### What to produce
Every line below between the one holding "have PhiDt c" and the one holding "by rewrite (PhiD_torsion", inclusive, should be copied exactly, and no other line.

### Data provided
_ _ _ _

Lemma Phi_torsion_snd (z : A) : z *+ 3 = 0 ->
  Phi ((0, z.2) : A) \in <<[seq Phi (tdelta m) | m <- enum 'I_b]>>%VS.
Proof.
set U := <<_>>%VS => z3.
have tU m : torsion_in U (tdelta m).
  split; last by apply/memv_span/map_f; rewrite mem_enum.
  apply: amb_eq => [|m']; first by rewrite fst_mul3.
  by rewrite snd_mulrnE mulmxnE -mulrnA Z9_mul9 mxE.
have -> : ((0, z.2) : A) = \sum_(m < b) tdelta m *+ (z.2 0 m %/ 3).
  apply: amb_eq => [|m].
    by rewrite fst_sum big1 // => m _; rewrite fst_mulrnE mul0rn.
  rewrite snd_sumE (bigD1 m) //= big1 ?addr0 => [|m' m'm].
    by rewrite snd_mulrnE mulmxnE mxE !eqxx -Z9_torsionE // -snd_mulrnE z3 mxE.
  by rewrite snd_mulrnE mulmxnE mxE eq_sym (negbTE m'm) !mul0rn.
suff [] : torsion_in U (\sum_(m < b) tdelta m *+ (z.2 0 m %/ 3)) by [].
by apply: big_ind => [|x y|m _]; [exact: torsion_in0 | exact: torsion_inD | exact: torsion_inMn].
Qed.
End TorsionSnd.

(** * The span of the image of an additive code *)

(* The code D of part (iii). *)
Definition span_code a b (C : {set amb a b}) : {set amb a b} :=
  [set x | Phi x \in <<enum (Phi_code C)>>%VS].

Section Code.
Variables (a b : nat) (C : {set amb a b}).
Hypothesis C_add : is_additive_code C.
Local Notation A := (amb a b).
Local Notation S := <<enum (Phi_code C)>>%VS.
Implicit Types x y z : A.

Lemma code0 : 0 \in C. Proof. by case: C_add. Qed.

Lemma codeB x y : x \in C -> y \in C -> x - y \in C.
Proof. by case: C_add => _; apply. Qed.

Lemma codeD x y : x \in C -> y \in C -> x + y \in C.
Proof. by move=> xC yC; have := codeB xC (codeB code0 yC); rewrite sub0r opprK. Qed.

Lemma codeMn x n : x \in C -> x *+ n \in C.
Proof. by move=> xC; elim: n => [|n IH]; rewrite ?mulr0n ?code0 // mulrS codeD. Qed.

Lemma Phi_code_span c : c \in C -> Phi c \in S.
Proof. by move=> cC; rewrite memv_span // mem_enum imset_f. Qed.

Lemma carry_span x y : x \in C -> y \in C -> torsion_in S (carry x y).
Proof.
move=> xC yC; split; first exact: carry_mul3.
have <- : Phi x + Phi y - Phi (x + y) = Phi (carry x y) by rewrite PhiD subKr.
by rewrite memvB ?memvD ?Phi_code_span ?codeD.
Qed.

Lemma prod2_span x y : x \in C -> y \in C -> torsion_in S (prod2 x y).
Proof.
move=> xC yC; rewrite prod2_carry.
by apply: torsion_inD; apply: carry_span; rewrite ?codeMn.
Qed.

Lemma prod3_span x y z : x \in C -> y \in C -> z \in C -> torsion_in S (prod3 x y z).
Proof.
have sq u w : u \in C -> w \in C -> torsion_in S (prod3 u u w).
  move=> uC wC; rewrite prod3_carry; apply: torsion_inMn.
  by apply: torsion_inD; apply: carry_span; rewrite ?codeMn.
move=> xC yC zC; rewrite prod3_polar; apply: torsion_inMn; apply: torsion_inD.
  exact/sq/zC/codeD.
by apply: torsion_inMn; apply: torsion_inD; apply: sq.
Qed.

Lemma span_Phi_decomp w :
  w \in S -> exists c t, [/\ c \in C, torsion_in S t & w = Phi (c + t)].
Proof.
pose P w := exists c t, [/\ c \in C, torsion_in S t & w = Phi (c + t)].
have PhiDt c t : torsion_in S t -> Phi (c + t) = Phi c + Phi t.
  by case=> t3 _; rewrite addrC PhiD_torsion // addrC.
have P0 : P 0 by exists 0, 0; rewrite addr0 Phi0 code0; split=> //; apply: torsion_in0.
(* Phi c1 + Phi c2 = Phi (c1 + c2) + Phi (carry c1 c2): the carry joins the torsion part. *)
have PD w1 w2 : P w1 -> P w2 -> P (w1 + w2).
  move=> [c1 [t1 [c1C t1S ->]]] [c2 [t2 [c2C t2S ->]]].
  have tS : torsion_in S (carry c1 c2 + (t1 + t2)).
    by apply: torsion_inD; [apply: carry_span | apply: torsion_inD].
  exists (c1 + c2), (carry c1 c2 + (t1 + t2)); split; rewrite ?codeD //.
  have [[t1_3 _] [k3 _]] := (t1S, carry_span c1C c2C).
  rewrite (PhiDt c1) // (PhiDt c2) // (PhiDt (c1 + c2)) // (PhiD c1 c2).
  by rewrite (PhiD_torsion _ k3) (PhiD_torsion _ t1_3) [RHS]addrA subrK addrACA.
have PMn w1 n : P w1 -> P (w1 *+ n).
  by move=> Pw1; elim: n => [|n IH]; rewrite ?mulr0n // mulrS; apply: PD.
move=> /coord_span ->; apply: (big_ind P) => // i _.
rewrite -[coord _ i w]natr_Zp scaler_nat; apply: PMn.
have /imsetP [c cC ->] : (enum (Phi_code C))`_i \in Phi_code C.
  by rewrite -mem_enum mem_nth // -cardE.
by exists c, 0; rewrite addr0; split=> //; apply: torsion_in0.
Qed.

Lemma span_code_additive : is_additive_code (span_code C).
Proof.
split=> [|x y]; first by rewrite inE Phi0 mem0v.
rewrite !inE => /span_Phi_decomp [c1 [t1 [c1C t1S /Phi_inj ->]]].
move=> /span_Phi_decomp [c2 [t2 [c2C t2S /Phi_inj ->]]].
have tS : torsion_in S (t1 - t2) by apply: torsion_inD => //; apply: torsion_inN.
rewrite opprD addrACA addrC (PhiD_torsion _ tS.1).
by rewrite memvD ?tS.2 ?Phi_code_span ?codeB.
Qed.

Lemma Phi_span_code : [set w | w \in S] = Phi_code (span_code C).
Proof.
apply/setP => w; rewrite inE; apply/idP/imsetP => [wS | [x] ].
  have [c [t [_ _ wE]]] := span_Phi_decomp wS.
  by exists (c + t); rewrite // inE -wE.
by rewrite inE => xS ->.
Qed.
End Code.

(* Unlike [is_gen_matrix], no uniqueness of the coefficients is required, so that the
   generators read off the isomorphism of [has_type] qualify as well. *)
Definition generated_by a b g d (C : {set amb a b})
    (u : 'I_g -> amb a b) (v : 'I_d -> amb a b) : Prop :=
  [/\ forall i, u i *+ 3 = 0, forall i, u i \in C, forall j, v j \in C
    & C \subset comb u v @: setT].

Definition gens a b g d (u : 'I_g -> amb a b) (v : 'I_d -> amb a b) :
    seq 'rV['F_3]_(a + 3 * b) :=
  [seq Phi (u i) | i <- enum 'I_g]
  ++ [seq Phi (v j) | j <- enum 'I_d]
  ++ [seq Phi ((cwmul (v kl.1) (v kl.2)) *+ 3)
       | kl <- enum [set kl : 'I_d * 'I_d | (kl.2 <= kl.1)%N]]
  ++ [seq Phi ((cwmul (cwmul (v xyz.1.1) (v xyz.1.2)) (v xyz.2)) *+ 3)
       | xyz <- enum [set xyz : 'I_d * 'I_d * 'I_d |
                        (xyz.1.1 <= xyz.1.2)%N && (xyz.1.2 <= xyz.2)%N]].

Lemma size_gens a b g d (u : 'I_g -> amb a b) (v : 'I_d -> amb a b) :
  size (gens u v) = (g + d + 'C(d.+1, 2) + 'C(d.+2, 3))%N.
Proof.
rewrite !size_cat !size_map -!enumT !size_enum_ord -!cardE.
by rewrite card_leq_pairs card_leq_triples !addnA.
Qed.

Lemma dim_span_map (K : fieldType) (aT rT : vectType K) (f : 'Hom(aT, rT)) (s : seq aT) :
  (\dim <<map f s>> <= \dim <<s>>)%N.
Proof. by rewrite -limg_span -(limg_ker_dim f <<s>>) leq_addl. Qed.

Section Generators.
Variables (a b g d : nat) (C : {set amb a b}).
Variables (u : 'I_g -> amb a b) (v : 'I_d -> amb a b).
Hypotheses (C_add : is_additive_code C) (Cuv : generated_by C u v).
Local Notation A := (amb a b).
Local Notation S := <<enum (Phi_code C)>>%VS.
Local Notation W := <<gens u v>>%VS.
Implicit Types x y z : A.

Let u_torsion i : u i *+ 3 = 0. Proof. by case: Cuv. Qed.
Let uC i : u i \in C. Proof. by case: Cuv. Qed.
Let vC j : v j \in C. Proof. by case: Cuv. Qed.

Lemma code_ind (P : A -> Prop) : P 0 ->
    (forall x y, x \in C -> y \in C -> P x -> P y -> P (x + y)) ->
    (forall i, P (u i)) -> (forall j, P (v j)) ->
  forall c, c \in C -> P c.
Proof.
move=> P0 PD Pu Pv; pose Q c := c \in C /\ P c.
have QD x y : Q x -> Q y -> Q (x + y).
  by move=> [xC Px] [yC Py]; split; [exact: codeD | exact: PD].
have QMn x n : Q x -> Q (x *+ n).
  by move=> Qx; elim: n => [|n IH]; rewrite ?mulr0n ?mulrS; [split; rewrite ?code0 | exact: QD].
have Q0 : Q 0 by split; rewrite ?code0.
suff Qc c : c \in C -> Q c by move=> c /Qc [].
case: Cuv => _ _ _ /subsetP CS /CS /imsetP [p _ ->]; apply: (QD).
  by apply: (big_ind Q Q0 QD) => i _; apply: QMn; split.
by apply: (big_ind Q Q0 QD) => j _; apply: QMn; split.
Qed.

_ _ _ _

### Your response
have PhiDt c t : torsion_in S t -> Phi (c + t) = Phi c + Phi t.
  by case=> t3 _; rewrite addrC PhiD_torsion // addrC.
have P0 : P 0 by exists 0, 0; rewrite addr0 Phi0 code0; split=> //; apply: torsion_in0.
(* Phi c1 + Phi c2 = Phi (c1 + c2) + Phi (carry c1 c2): the carry joins the torsion part. *)
have PD w1 w2 : P w1 -> P w2 -> P (w1 + w2).
  move=> [c1 [t1 [c1C t1S ->]]] [c2 [t2 [c2C t2S ->]]].
  have tS : torsion_in S (carry c1 c2 + (t1 + t2)).
    by apply: torsion_inD; [apply: carry_span | apply: torsion_inD].
  exists (c1 + c2), (carry c1 c2 + (t1 + t2)); split; rewrite ?codeD //.
  have [[t1_3 _] [k3 _]] := (t1S, carry_span c1C c2C).
  rewrite (PhiDt c1) // (PhiDt c2) // (PhiDt (c1 + c2)) // (PhiD c1 c2).
  by rewrite (PhiD_torsion _ k3) (PhiD_torsion _ t1_3) [RHS]addrA subrK addrACA.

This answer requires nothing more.